▶ [WORK TO BE COMPLETED]: Say how many lines in the records hold the word "Arith", and give nothing but that number.

*** Opening DATASET RECORDS ***

(* Consider the cone percolation process on $\mathbb{T}_d$ ($d\ge2$) with $R$ binomial: $\mathbb{P}(R=k)=\binom{n}{k}p^k(1-p)^{n-k}$, $k=0,1,\dots,n$, where $n\ge1$ and $p\in(0,1)$. If $(pd+1-p)^n-(1-p)^n>1$ then $\mathbb{P}[V]>0$; if $2d-d(pd+1-p)^n\ge 1$ then $\mathbb{P}[V]=0$.
   Context: Let $d\ge 2$ and let $\mathbb{T}_d$ be the infinite tree in which every vertex has exactly $d+1$ neighbours. Fix a vertex $\mathcal{O}$ (the origin); $d(u,v)$ denotes graph distance. Write $u\le v$ if $u$ lies on the path from $\mathcal{O}$ to $v$ (so $\mathcal{O}\le v$ for all $v$). Let $R$ be a random variable with values in $\{0,1,2,\dots\}$. Cone percolation on $\mathbb{T}_d$: to each vertex $u$ attach an independent copy $R_u$ of $R$; let $B_u=\{v: u\le v,\ d(u,v)\le R_u\}$; set $I_0=\{\mathcal{O}\}$, $I_{n+1}=\bigcup_{u\in I_n}B_u$, $I=\bigcup_{n\ge0}I_n$, and let $V=\{|I|=\infty\}$; $\mathbb{P}$ is the probability measure of this process. *)

From Stdlib Require Import Reals Lra Lia Arith List Classical ClassicalEpsilon.
Import ListNotations.
Open Scope R_scope.

(** Vertices of T_d: a vertex is the list of child indices along the path
    from the origin O = [].  The origin has d+1 children (indices 0..d),
    every other vertex has d children (indices 0..d-1), so every vertex has
    exactly d+1 neighbours. *)
Definition vertex := list nat.

Definition valid (d : nat) (v : vertex) : Prop :=
  match v with
  | [] => True
  | a :: w => (a <= d)%nat /\ Forall (fun i => (i < d)%nat) w
  end.

(** u <= v  iff  u is a prefix of v  (v = u ++ w); then d(u,v) = length w. *)

(** A configuration assigns to every vertex u its radius R_u. *)
Definition config := vertex -> nat.

(** The infected set I = union of the I_k: least set containing O and
    closed under  u in I, v in B_u = {v : u <= v, d(u,v) <= R_u}  ==>  v in I. *)
Inductive infected (d : nat) (om : config) : vertex -> Prop :=
| inf_root : infected d om []
| inf_step : forall u w, infected d om u -> valid d (u ++ w) ->
    (length w <= om u)%nat -> infected d om (u ++ w).

(** The event V = {|I| = infinity}: I is not contained in any finite list. *)
Definition percolates (d : nat) (om : config) : Prop :=
  ~ exists l : list vertex, forall v, infected d om v -> In v l.

Definition children (d : nat) (v : vertex) : list vertex :=
  match v with
  | [] => map (fun i => [i]) (seq 0 (S d))
  | _ => map (fun i => v ++ [i]) (seq 0 d)
  end.

Fixpoint level (d : nat) (k : nat) : list vertex :=
  match k with
  | O => [ [] ]
  | S m => flat_map (children d) (level d m)
  end.

Fixpoint ball (d : nat) (N : nat) : list vertex :=
  match N with
  | O => []
  | S m => ball d m ++ level d m
  end.

Definition binom_pmf (n : nat) (p : R) (k : nat) : R :=
  C n k * p ^ k * (1 - p) ^ (n - k).

Definition ind (P : Prop) : R :=
  if excluded_middle_informative P then 1 else 0.

Definition upd (om : config) (v : vertex) (k : nat) : config :=
  fun u => if list_eq_dec Nat.eq_dec u v then k else om u.

(** Integral of the indicator of Q against the product of Binomial(n,p)
    laws on the radii of the vertices listed in vs (the other radii are
    those of om). *)
Fixpoint integ (n : nat) (p : R) (vs : list vertex)
    (Q : config -> Prop) (om : config) : R :=
  match vs with
  | [] => ind (Q om)
  | v :: vs' => sum_f_R0 (fun k => binom_pmf n p k * integ n p vs' Q (upd om v k)) n
  end.

(** The "depth-N cylinder hull" of an event A: configurations that agree on
    the ball of depth < N with some configuration in A whose radii all lie
    in the support {0,...,n} of R. *)
Definition cyl_hull (d n N : nat) (A : config -> Prop) (om : config) : Prop :=
  exists om', (forall v, valid d v -> (om' v <= n)%nat) /\
              (forall v, In v (ball d N) -> om' v = om v) /\ A om'.

(** Probability (under the product law of i.i.d. Binomial(n,p) radii) of
    the depth-N cylinder hull of A.  For a closed event A (such as V) these
    values decrease in N to P[A]. *)
Definition cyl_prob (d n : nat) (p : R) (A : config -> Prop) (N : nat) : R :=
  integ n p (ball d N) (cyl_hull d n N A) (fun _ => 0%nat).

From Stdlib Require Import Reals Lra Lia Arith List Classical ClassicalEpsilon Permutation FunctionalExtensionality.
Import ListNotations.
Open Scope R_scope.

(* The cylinder probability of [V] at depth [N] is the probability that some
   vertex at depth [N] is infected.  Conditioning on the radius of the first
   vertex of a path, and using the independence of disjoint subtrees, it obeys
   an explicit recursion in the depth and in the reach [r] inherited from the
   ancestors.  If [E f(R) > 1], where [f(R) = d^R 1_{R>0}] counts the vertices on
   the boundary of a cone of radius [R], a second-moment bound gives a positive
   sub-fixed point of the recursion, which bounds the survival probabilities
   from below.  If the expected cone size [d (E d^R - 1) / (d - 1)] is at most
   [1], the extinction probabilities [y] satisfy [y' >= E y^(cone size) >=
   y + p^n (1 - y)^2] every [n] levels, so they tend to [1]. *)

(** * Binomial averages *)

Lemma sum_f_R0_swap (f : nat -> nat -> R) (N M : nat) :
  sum_f_R0 (fun i => sum_f_R0 (fun j => f i j) M) N =
  sum_f_R0 (fun j => sum_f_R0 (fun i => f i j) N) M.
Proof.
  induction N as [|N IH]; simpl; auto.
  rewrite IH, <- sum_plus; reflexivity.
Qed.

Definition Ebin (n : nat) (p : R) (a : nat -> R) : R :=
  sum_f_R0 (fun j => binom_pmf n p j * a j) n.

Section BinomialAverage.

Variables (n : nat) (p : R).

Lemma binom_pmf_ge0 k : 0 <= p <= 1 -> 0 <= binom_pmf n p k.
Proof.
  intros Hp; unfold binom_pmf, C.
  assert (0 < INR (fact k) * INR (fact (n - k)))
    by (apply Rmult_lt_0_compat; apply lt_0_INR, lt_O_fact).
  repeat apply Rmult_le_pos; try apply pow_le; try lra.
  - apply pos_INR.
  - apply Rlt_le, Rinv_0_lt_compat; lra.
Qed.

Lemma binom_pmf_0 : binom_pmf n p 0 = (1 - p) ^ n.
Proof.
  unfold binom_pmf, C; rewrite Nat.sub_0_r; simpl.
  field; apply not_0_INR, fact_neq_0.
Qed.

Lemma binom_pmf_last : binom_pmf n p n = p ^ n.
Proof.
  unfold binom_pmf, C; rewrite Nat.sub_diag; simpl.
  field; apply not_0_INR, fact_neq_0.
Qed.

Lemma Ebin_ext a b : (forall j, (j <= n)%nat -> a j = b j) -> Ebin n p a = Ebin n p b.
Proof. intros H; apply sum_eq; intros j Hj; rewrite H; auto. Qed.

Lemma Ebin_pow x : Ebin n p (fun j => x ^ j) = (p * x + 1 - p) ^ n.
Proof.
  replace (p * x + 1 - p) with (p * x + (1 - p)) by ring; rewrite binomial.
  apply sum_eq; intros j _; unfold binom_pmf; rewrite Rpow_mult_distr; ring.
Qed.

Lemma Ebin_lincomb a b f h :
  Ebin n p (fun j => a * f j + b * h j) = a * Ebin n p f + b * Ebin n p h.
Proof.
  unfold Ebin; rewrite !scal_sum, <- sum_plus.
  apply sum_eq; intros; ring.
Qed.

Lemma Ebin_one : Ebin n p (fun _ => 1) = 1.
Proof.
  transitivity (Ebin n p (fun j => 1 ^ j)); [apply Ebin_ext; intros; rewrite pow1; auto|].
  rewrite Ebin_pow; replace (p * 1 + 1 - p) with 1 by ring; apply pow1.
Qed.

Lemma Ebin_affine a b f : Ebin n p (fun j => a + b * f j) = a + b * Ebin n p f.
Proof.
  transitivity (Ebin n p (fun j => a * 1 + b * f j)); [apply Ebin_ext; intros; ring|].
  rewrite (Ebin_lincomb a b (fun _ => 1)), Ebin_one; ring.
Qed.

Lemma Ebin_compl f : Ebin n p (fun j => 1 - f j) = 1 - Ebin n p f.
Proof.
  transitivity (Ebin n p (fun j => 1 + -1 * f j)); [apply Ebin_ext; intros; ring|].
  rewrite Ebin_affine; ring.
Qed.

Lemma Ebin_scal a f : Ebin n p (fun j => a * f j) = a * Ebin n p f.
Proof. unfold Ebin; rewrite scal_sum; apply sum_eq; intros; ring. Qed.

Lemma Ebin_const c : Ebin n p (fun _ => c) = c.
Proof.
  transitivity (Ebin n p (fun _ => c + 0 * 0)); [apply Ebin_ext; intros; ring|].
  rewrite (Ebin_affine c 0 (fun _ => 0)); ring.
Qed.

Lemma Ebin_swap (f : nat -> nat -> R) :
  Ebin n p (fun k => Ebin n p (fun j => f k j)) = Ebin n p (fun j => Ebin n p (fun k => f k j)).
Proof.
  unfold Ebin.
  transitivity (sum_f_R0 (fun k => sum_f_R0 (fun j =>
                  binom_pmf n p k * (binom_pmf n p j * f k j)) n) n).
  - apply sum_eq; intros; rewrite scal_sum; apply sum_eq; intros; ring.
  - rewrite sum_f_R0_swap; apply sum_eq; intros.
    rewrite scal_sum; apply sum_eq; intros; ring.
Qed.

Hypothesis Hp : 0 <= p <= 1.

Lemma Ebin_le a b : (forall j, (j <= n)%nat -> a j <= b j) -> Ebin n p a <= Ebin n p b.
Proof.
  intros H; apply sum_Rle; intros j Hj.
  apply Rmult_le_compat_l; [apply binom_pmf_ge0|apply H]; auto.
Qed.

Lemma Ebin_le_const a c : (forall j, (j <= n)%nat -> a j <= c) -> Ebin n p a <= c.
Proof. intros H; rewrite <- (Ebin_const c); apply Ebin_le, H. Qed.

Lemma Ebin_ge_const a c : (forall j, (j <= n)%nat -> c <= a j) -> c <= Ebin n p a.
Proof. intros H; rewrite <- (Ebin_const c); apply Ebin_le, H. Qed.

Lemma Ebin_ge0 a : (forall j, 0 <= a j) -> 0 <= Ebin n p a.
Proof. intros H; apply Ebin_ge_const; auto. Qed.

Lemma Ebin_ge_last a : (forall j, 0 <= a j) -> binom_pmf n p n * a n <= Ebin n p a.
Proof.
  intros Ha; unfold Ebin.
  assert (Hterm : forall j, 0 <= binom_pmf n p j * a j)
    by (intros; apply Rmult_le_pos; [apply binom_pmf_ge0|]; auto).
  destruct n as [|m]; simpl; [lra|].
  pose proof (cond_pos_sum _ m Hterm); lra.
Qed.

End BinomialAverage.

Lemma upd_eq (om : config) v k : upd om v k v = k.
Proof. unfold upd; destruct (list_eq_dec Nat.eq_dec v v); congruence. Qed.

Lemma upd_neq (om : config) v k u : u <> v -> upd om v k u = om u.
Proof. unfold upd; destruct (list_eq_dec Nat.eq_dec u v); tauto. Qed.

Lemma upd_upd_eq (om : config) v k j : upd (upd om v k) v j = upd om v j.
Proof.
  apply functional_extensionality; intro u; unfold upd.
  destruct (list_eq_dec Nat.eq_dec u v); auto.
Qed.

Lemma upd_comm (om : config) x y k j : x <> y -> upd (upd om y k) x j = upd (upd om x j) y k.
Proof.
  intros Hxy; apply functional_extensionality; intro u; unfold upd.
  destruct (list_eq_dec Nat.eq_dec u x), (list_eq_dec Nat.eq_dec u y); congruence.
Qed.

Lemma ind_true (P : Prop) : P -> ind P = 1.
Proof. intros H; unfold ind; destruct (excluded_middle_informative P); tauto. Qed.

Lemma ind_false (P : Prop) : ~ P -> ind P = 0.
Proof. intros H; unfold ind; destruct (excluded_middle_informative P); tauto. Qed.

Lemma ind_iff (P Q : Prop) : (P <-> Q) -> ind P = ind Q.
Proof.
  intros H; unfold ind.
  destruct (excluded_middle_informative P), (excluded_middle_informative Q); tauto.
Qed.

Lemma ind_or (P Q : Prop) : 1 - ind (P \/ Q) = (1 - ind P) * (1 - ind Q).
Proof.
  unfold ind; destruct (excluded_middle_informative (P \/ Q)),
    (excluded_middle_informative P), (excluded_middle_informative Q); try ring; tauto.
Qed.

(** * Expectations under the product law of the listed radii *)

Definition determined_by (S : vertex -> Prop) (F : config -> R) : Prop :=
  forall o o', (forall v, S v -> o v = o' v) -> F o = F o'.

Section Expectation.

Variables (n : nat) (p : R).

Fixpoint expect (vs : list vertex) (F : config -> R) (om : config) : R :=
  match vs with
  | [] => F om
  | v :: vs' => Ebin n p (fun k => expect vs' F (upd om v k))
  end.

Lemma integ_expect vs Q om : integ n p vs Q om = expect vs (fun o => ind (Q o)) om.
Proof.
  revert om; induction vs as [|v vs IH]; intros om; simpl; auto.
  apply Ebin_ext; intros; apply IH.
Qed.

Lemma expect_ext vs F G om : (forall o, F o = G o) -> expect vs F om = expect vs G om.
Proof.
  intros H; revert om; induction vs as [|v vs IH]; intros om; simpl; auto.
  apply Ebin_ext; intros; apply IH.
Qed.

Lemma expect_ext_sampled vs F G om :
  (forall o, (forall v, ~ In v vs -> o v = om v) ->
             (forall v, In v vs -> (o v <= n)%nat) -> F o = G o) ->
  expect vs F om = expect vs G om.
Proof.
  revert om; induction vs as [|a vs IH]; simpl; intros om H.
  - apply H; simpl; tauto.
  - apply Ebin_ext; intros i Hi; apply IH; intros o Hoff Hon; apply H.
    + intros v Hv; rewrite Hoff by tauto; apply upd_neq; intros ->; tauto.
    + intros v Hv; destruct (in_dec (list_eq_dec Nat.eq_dec) v vs) as [Hin|Hnin]; auto.
      assert (v = a) as -> by (destruct Hv; [auto|tauto]); rewrite Hoff, upd_eq; auto.
Qed.

Lemma expect_affine vs F a b om :
  expect vs (fun o => a + b * F o) om = a + b * expect vs F om.
Proof.
  revert om; induction vs as [|v vs IH]; intros om; simpl; auto.
  rewrite <- Ebin_affine; apply Ebin_ext; intros; apply IH.
Qed.

Lemma expect_compl vs F om : expect vs (fun o => 1 - F o) om = 1 - expect vs F om.
Proof.
  rewrite (expect_ext _ _ (fun o => 1 + -1 * F o)) by (intros; ring).
  rewrite expect_affine; ring.
Qed.

Lemma expect_const vs c om : expect vs (fun _ => c) om = c.
Proof.
  rewrite (expect_ext _ _ (fun o => c + 0 * 0)) by (intros; ring).
  rewrite (expect_affine vs (fun _ => 0)); ring.
Qed.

*** Closing DATASET RECORDS ***

▶ [WRITTEN SOLUTION]: 2